Re: [PATCH 0/7] mm: Improve swap path scalability with batched operations

From: Michal Hocko
Date: Wed May 04 2016 - 15:49:10 EST


On Wed 04-05-16 10:13:06, Tim Chen wrote:
> On Wed, 2016-05-04 at 14:45 +0200, Michal Hocko wrote:
> > On Tue 03-05-16 14:00:39, Tim Chen wrote:
> > [...]
> > >
> > >  include/linux/swap.h |  29 ++-
> > >  mm/swap_state.c      | 253 +++++++++++++-----
> > >  mm/swapfile.c        | 215 +++++++++++++--
> > >  mm/vmscan.c          | 725 ++++++++++++++++++++++++++++++++++++++-
> > > ------------
> > >  4 files changed, 945 insertions(+), 277 deletions(-)
> > This is rather large change for a normally rare path. We have been
> > trying to preserve the anonymous memory as much as possible and
> > rather
> > push the page cache out. In fact swappiness is ignored most of the
> > time for the vast majority of workloads.
> >
> > So this would help anonymous mostly workloads and I am really
> > wondering
> > whether this is something worth bothering without further and deeper
> > rethinking of our current reclaim strategy. I fully realize that the
> > swap out sucks and that the new storage technologies might change the
> > way how we think about anonymous memory being so "special" wrt. disk
> > based caches but I would like to see a stronger use case than "we
> > have
> > been playing with some artificial use case and it scales better"
>
> With non-volatile ram based block devices, swap device could be very
> fast, approaching RAM speed and can potentially be used as a secondary
> memory. Just configuring these NVRAM as swap will be
> an easy way for apps to make use of them without doing any heavy
> lifting to change the apps.  But the swap path is so 
> un-scalable today that such use case
> is unfeasible, even more so for multi-threaded server machines.
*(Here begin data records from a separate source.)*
Lemma stable_of_finite_support (R : realType) (H : normedModType R)
  (ip : H -> H -> R) (hip : is_inner_product ip) (xs : nat -> H)
  (hxs : riesz_basis xs) (x : H) :
  (exists N, forall j, (N <= j)%N -> ip x (xs j) = 0) -> stable_pr_near ip xs x.
Proof.
case/riesz_basisP: hxs => xs_complete [A [B [hA hB lower upper]]] [N hN].
have [d [hd hd_eq]] := sqr_abs_coef_dist_near hip hN.
have hsA : 0 < Num.sqrt A by rewrite sqrtr_gt0.
exists (Num.sqrt A)^-1; split; first by rewrite invr_gt0.
move=> e he; exists d; split => // y hy yx yNx.
have hxy : `|x - y| < d by rewrite distrC.
have hPsi := sqrt_lower_le_Psi hip hA hB lower upper xs_complete yx yNx (hd_eq y hxy).
have : 1 <= (Num.sqrt A)^-1 * Psi ip xs x y by rewrite mulrC ler_pdivlMr // mul1r.
lra.
Qed.

Unset Implicit Arguments.

Theorem proposition5p1 (R : realType) (H : completeNormedModType R)
  (ip : H -> H -> R) (hip : is_inner_product ip)
  (hinf : infinite_dimensional H)
  (xs : nat -> H) (hxs : riesz_basis xs) (x : H) :
  stable_pr_near ip xs x <->
  exists N : nat, forall j : nat, (N <= j)%N -> ip x (xs j) = 0.
Proof.
split; [exact: (finite_support_of_stable hip hxs) | exact: (stable_of_finite_support hip hxs)].
Qed.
In order this to work other quite intrusive changes to the current
reclaim decisions would have to be made though. This is what I tried to
say. Look at get_scan_count() on how we are making many steps to ignore
swappiness or prefer the page cache. Even when we make swapout scale it
won't help much if we do not swap out that often. That's why I claim
that we really should think more long term and maybe reconsider these
decisions which were based on the rotating rust for the swap devices.

> I understand that the patch set is a little large. Any better
> ideas for achieving similar ends will be appreciated.  I put
> out these patches in the hope that it will spur solutions
> to improve swap.
>
> Perhaps the first two patches to make shrink_page_list into
> smaller components can be considered first, as a first step 
> to make any changes to the reclaim code easier.

I didn't get to review those yet and probably will not get to them
shortly (sorry about that). shrink_page_list is surely one giant
function that is calling for a better layout/split out. I wouldn't be
opposed but there are some subtle details lurking there which make
clean ups non-trivial. I will not discourage you from trying to get it
into shape of course.

--
Michal Hocko
SUSE Labs